Set down exactly the lines below, starting at the one that contains "(he : forall" and ending at the one that contains "Proof. by rewrite", with both of those lines included and nothing else.

=-=-=-=-=

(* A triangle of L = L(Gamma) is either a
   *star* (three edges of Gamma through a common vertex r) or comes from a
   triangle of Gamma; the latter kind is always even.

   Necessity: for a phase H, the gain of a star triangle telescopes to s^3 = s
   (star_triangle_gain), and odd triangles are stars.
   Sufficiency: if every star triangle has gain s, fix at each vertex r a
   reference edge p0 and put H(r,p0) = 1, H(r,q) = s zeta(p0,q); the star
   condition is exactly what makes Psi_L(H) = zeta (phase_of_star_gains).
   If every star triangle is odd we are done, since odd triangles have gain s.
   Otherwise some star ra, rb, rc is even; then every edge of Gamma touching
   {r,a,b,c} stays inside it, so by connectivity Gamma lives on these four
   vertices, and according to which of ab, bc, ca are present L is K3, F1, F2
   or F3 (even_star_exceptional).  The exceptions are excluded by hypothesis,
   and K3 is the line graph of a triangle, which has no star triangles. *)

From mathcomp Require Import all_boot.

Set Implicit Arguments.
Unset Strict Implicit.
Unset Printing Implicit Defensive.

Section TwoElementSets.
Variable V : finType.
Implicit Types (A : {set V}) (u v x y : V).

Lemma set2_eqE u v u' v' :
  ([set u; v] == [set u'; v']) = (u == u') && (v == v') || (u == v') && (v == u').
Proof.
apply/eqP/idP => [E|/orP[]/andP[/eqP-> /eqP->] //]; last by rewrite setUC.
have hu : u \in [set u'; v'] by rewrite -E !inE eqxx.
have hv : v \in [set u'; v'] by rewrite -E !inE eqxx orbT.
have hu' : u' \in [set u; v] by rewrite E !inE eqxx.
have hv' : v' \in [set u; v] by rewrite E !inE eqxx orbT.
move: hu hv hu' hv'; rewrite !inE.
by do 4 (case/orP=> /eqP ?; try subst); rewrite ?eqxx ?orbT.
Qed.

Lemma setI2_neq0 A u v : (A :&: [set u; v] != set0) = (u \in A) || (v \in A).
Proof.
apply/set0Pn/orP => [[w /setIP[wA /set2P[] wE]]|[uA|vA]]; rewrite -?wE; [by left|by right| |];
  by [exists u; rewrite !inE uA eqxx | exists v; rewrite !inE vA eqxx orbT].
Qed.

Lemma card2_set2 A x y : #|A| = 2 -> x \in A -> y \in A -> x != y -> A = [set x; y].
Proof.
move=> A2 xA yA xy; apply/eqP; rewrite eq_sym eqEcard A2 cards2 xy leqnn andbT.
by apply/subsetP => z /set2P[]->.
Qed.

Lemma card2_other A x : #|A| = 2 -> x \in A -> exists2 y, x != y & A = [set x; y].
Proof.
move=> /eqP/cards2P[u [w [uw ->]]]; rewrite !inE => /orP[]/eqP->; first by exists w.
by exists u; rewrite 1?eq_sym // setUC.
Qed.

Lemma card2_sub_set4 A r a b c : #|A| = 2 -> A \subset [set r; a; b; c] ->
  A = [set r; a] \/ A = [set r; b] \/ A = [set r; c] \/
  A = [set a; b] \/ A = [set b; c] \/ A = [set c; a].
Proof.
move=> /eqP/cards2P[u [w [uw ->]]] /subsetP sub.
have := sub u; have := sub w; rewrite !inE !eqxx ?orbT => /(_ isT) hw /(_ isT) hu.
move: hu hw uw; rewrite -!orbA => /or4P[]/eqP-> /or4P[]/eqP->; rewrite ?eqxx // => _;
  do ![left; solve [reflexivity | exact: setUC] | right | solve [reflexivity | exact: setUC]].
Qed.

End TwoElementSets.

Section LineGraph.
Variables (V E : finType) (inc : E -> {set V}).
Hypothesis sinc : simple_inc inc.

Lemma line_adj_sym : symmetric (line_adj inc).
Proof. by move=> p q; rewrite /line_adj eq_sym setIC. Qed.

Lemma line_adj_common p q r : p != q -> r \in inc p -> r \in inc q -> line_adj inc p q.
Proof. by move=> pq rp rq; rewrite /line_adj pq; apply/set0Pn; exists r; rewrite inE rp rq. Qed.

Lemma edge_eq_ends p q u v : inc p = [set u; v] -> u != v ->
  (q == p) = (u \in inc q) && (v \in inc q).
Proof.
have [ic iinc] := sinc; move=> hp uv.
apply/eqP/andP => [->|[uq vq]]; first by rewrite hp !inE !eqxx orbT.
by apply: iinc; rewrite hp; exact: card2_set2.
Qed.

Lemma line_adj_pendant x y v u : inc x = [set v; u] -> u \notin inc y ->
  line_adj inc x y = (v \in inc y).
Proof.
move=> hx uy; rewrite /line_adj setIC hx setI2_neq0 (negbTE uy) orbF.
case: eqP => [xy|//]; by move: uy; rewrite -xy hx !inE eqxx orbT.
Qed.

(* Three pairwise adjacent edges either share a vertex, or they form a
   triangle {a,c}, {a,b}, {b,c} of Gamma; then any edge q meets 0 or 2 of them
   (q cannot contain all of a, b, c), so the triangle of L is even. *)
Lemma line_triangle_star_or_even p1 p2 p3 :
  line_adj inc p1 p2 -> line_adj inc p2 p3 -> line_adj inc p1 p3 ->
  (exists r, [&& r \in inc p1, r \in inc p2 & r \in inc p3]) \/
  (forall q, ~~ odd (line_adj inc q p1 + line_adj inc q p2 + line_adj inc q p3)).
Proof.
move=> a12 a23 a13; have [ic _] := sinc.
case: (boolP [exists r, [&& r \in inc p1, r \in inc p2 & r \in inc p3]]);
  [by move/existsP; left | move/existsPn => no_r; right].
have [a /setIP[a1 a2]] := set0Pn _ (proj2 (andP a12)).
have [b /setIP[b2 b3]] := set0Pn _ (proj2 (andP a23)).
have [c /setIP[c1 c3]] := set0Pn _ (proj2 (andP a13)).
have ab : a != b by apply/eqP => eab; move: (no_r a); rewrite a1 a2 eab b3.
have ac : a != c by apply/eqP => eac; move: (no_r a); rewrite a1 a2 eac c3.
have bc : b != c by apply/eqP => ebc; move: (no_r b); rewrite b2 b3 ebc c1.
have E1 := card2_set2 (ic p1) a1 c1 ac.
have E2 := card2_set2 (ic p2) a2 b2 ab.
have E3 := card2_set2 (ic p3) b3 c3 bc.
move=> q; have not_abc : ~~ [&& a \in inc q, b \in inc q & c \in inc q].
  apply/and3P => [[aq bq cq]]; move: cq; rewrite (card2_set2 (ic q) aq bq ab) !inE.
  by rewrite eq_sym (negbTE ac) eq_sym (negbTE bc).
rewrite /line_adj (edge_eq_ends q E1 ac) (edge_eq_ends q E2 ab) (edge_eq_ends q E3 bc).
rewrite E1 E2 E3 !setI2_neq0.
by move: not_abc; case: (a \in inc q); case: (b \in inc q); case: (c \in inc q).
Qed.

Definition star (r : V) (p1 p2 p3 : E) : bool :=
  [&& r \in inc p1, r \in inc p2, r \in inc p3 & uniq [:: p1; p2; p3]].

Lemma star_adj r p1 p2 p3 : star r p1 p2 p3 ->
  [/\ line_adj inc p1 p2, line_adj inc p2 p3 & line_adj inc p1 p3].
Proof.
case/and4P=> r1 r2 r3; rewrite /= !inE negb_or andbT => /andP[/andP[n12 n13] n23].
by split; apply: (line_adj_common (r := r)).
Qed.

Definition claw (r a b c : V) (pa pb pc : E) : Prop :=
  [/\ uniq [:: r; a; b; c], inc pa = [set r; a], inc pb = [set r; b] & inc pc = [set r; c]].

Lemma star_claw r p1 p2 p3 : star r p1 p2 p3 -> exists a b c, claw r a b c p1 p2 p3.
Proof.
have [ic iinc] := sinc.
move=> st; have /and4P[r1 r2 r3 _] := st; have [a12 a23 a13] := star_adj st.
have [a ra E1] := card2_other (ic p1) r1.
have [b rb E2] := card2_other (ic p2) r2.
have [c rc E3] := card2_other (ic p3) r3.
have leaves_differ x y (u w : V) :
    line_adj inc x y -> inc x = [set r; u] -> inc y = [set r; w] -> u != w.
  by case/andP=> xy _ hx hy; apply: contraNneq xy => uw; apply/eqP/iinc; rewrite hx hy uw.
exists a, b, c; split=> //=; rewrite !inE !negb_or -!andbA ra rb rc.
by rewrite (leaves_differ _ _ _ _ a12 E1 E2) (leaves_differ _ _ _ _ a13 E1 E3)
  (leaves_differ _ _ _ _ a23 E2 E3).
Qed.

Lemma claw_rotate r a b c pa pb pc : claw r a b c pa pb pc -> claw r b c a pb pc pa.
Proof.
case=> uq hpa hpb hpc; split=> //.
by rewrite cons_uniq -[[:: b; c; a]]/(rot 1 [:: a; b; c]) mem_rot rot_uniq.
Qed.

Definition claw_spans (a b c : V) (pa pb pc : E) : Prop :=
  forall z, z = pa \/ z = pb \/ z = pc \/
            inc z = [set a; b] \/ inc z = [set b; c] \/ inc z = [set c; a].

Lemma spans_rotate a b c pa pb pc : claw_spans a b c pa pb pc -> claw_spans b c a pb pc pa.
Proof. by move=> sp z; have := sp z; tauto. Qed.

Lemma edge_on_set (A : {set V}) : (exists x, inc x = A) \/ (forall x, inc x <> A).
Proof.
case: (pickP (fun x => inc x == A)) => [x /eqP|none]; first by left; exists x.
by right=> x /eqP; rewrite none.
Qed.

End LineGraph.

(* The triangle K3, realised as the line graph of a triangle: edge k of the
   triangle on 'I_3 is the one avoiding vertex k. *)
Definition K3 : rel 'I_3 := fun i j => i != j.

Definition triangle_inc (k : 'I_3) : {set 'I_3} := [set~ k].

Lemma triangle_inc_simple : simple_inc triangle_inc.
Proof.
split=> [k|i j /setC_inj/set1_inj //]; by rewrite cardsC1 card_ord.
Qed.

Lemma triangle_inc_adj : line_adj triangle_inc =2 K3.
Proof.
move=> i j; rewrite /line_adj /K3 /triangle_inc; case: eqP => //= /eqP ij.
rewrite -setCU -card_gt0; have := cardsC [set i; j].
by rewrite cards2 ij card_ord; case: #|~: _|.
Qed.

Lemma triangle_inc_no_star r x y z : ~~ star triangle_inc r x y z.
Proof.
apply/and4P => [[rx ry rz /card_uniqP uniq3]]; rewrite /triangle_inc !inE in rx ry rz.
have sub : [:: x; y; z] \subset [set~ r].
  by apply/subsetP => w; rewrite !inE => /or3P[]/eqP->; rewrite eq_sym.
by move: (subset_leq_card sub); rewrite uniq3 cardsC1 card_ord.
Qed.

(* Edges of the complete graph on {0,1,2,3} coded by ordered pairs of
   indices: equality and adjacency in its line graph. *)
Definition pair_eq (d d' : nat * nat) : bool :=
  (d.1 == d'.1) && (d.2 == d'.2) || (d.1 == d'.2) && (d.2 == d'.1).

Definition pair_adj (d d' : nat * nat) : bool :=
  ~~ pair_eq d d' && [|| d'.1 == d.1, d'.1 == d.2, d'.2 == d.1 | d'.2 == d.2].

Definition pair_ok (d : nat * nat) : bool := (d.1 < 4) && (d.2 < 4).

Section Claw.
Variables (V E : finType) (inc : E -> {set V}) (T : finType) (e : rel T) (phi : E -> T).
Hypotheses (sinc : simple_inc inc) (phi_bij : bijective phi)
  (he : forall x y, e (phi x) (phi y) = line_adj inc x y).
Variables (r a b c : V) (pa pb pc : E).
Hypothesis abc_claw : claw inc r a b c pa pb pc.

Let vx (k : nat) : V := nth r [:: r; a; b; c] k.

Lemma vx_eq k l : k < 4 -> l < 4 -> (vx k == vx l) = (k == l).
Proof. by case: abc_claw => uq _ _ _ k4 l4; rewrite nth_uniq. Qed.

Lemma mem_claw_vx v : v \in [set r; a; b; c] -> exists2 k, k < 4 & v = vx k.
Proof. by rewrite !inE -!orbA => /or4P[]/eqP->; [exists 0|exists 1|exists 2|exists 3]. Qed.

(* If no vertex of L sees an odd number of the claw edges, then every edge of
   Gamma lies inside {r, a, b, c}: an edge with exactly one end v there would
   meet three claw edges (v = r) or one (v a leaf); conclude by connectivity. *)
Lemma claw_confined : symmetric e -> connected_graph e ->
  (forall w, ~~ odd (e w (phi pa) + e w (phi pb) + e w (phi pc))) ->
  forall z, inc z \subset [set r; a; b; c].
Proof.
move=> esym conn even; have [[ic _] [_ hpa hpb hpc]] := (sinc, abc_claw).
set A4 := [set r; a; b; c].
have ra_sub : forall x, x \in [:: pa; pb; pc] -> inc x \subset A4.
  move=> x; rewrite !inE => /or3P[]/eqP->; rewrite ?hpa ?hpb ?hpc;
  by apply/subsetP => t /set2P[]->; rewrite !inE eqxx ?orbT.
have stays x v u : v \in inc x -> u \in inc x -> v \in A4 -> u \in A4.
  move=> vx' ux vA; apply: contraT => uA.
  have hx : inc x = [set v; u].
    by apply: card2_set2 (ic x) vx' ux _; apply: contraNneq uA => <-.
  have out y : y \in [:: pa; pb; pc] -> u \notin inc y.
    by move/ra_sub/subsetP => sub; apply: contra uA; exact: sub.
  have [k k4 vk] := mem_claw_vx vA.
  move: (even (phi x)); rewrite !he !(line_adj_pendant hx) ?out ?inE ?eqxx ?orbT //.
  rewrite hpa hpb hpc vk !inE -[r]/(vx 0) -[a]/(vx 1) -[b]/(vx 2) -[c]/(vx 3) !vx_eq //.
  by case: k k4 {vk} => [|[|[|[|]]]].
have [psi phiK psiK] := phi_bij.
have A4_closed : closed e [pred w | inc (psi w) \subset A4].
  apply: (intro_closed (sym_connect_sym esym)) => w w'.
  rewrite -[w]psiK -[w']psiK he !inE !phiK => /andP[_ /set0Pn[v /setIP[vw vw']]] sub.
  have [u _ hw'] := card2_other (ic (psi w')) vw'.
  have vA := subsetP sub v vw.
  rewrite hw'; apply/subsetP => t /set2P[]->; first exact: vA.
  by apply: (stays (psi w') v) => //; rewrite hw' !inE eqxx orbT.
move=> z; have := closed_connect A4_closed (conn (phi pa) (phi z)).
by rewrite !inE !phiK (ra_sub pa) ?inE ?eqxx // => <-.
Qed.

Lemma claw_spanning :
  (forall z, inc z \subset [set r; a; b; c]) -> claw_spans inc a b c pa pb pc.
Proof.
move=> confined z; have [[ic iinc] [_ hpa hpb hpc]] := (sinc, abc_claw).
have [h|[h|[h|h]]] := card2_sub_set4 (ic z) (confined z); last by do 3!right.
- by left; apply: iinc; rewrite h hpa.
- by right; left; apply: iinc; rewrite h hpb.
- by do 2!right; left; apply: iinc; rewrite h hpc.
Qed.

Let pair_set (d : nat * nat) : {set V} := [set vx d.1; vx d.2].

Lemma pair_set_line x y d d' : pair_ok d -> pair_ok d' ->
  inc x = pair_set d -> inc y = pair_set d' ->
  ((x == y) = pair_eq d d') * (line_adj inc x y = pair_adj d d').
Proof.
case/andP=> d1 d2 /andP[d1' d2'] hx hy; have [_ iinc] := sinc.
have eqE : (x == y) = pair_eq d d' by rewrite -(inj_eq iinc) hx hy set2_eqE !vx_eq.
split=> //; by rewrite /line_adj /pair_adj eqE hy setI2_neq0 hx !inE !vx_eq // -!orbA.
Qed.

=-=-=-=-=

### [ANSWER BELOW]
  (he : forall x y, e (phi x) (phi y) = line_adj inc x y).
Variables (r a b c : V) (pa pb pc : E).
Hypothesis abc_claw : claw inc r a b c pa pb pc.

Let vx (k : nat) : V := nth r [:: r; a; b; c] k.

Lemma vx_eq k l : k < 4 -> l < 4 -> (vx k == vx l) = (k == l).
Proof. by case: abc_claw => uq _ _ _ k4 l4; rewrite nth_uniq. Qed.

Lemma mem_claw_vx v : v \in [set r; a; b; c] -> exists2 k, k < 4 & v = vx k.
Proof. by rewrite !inE -!orbA => /or4P[]/eqP->; [exists 0|exists 1|exists 2|exists 3]. Qed.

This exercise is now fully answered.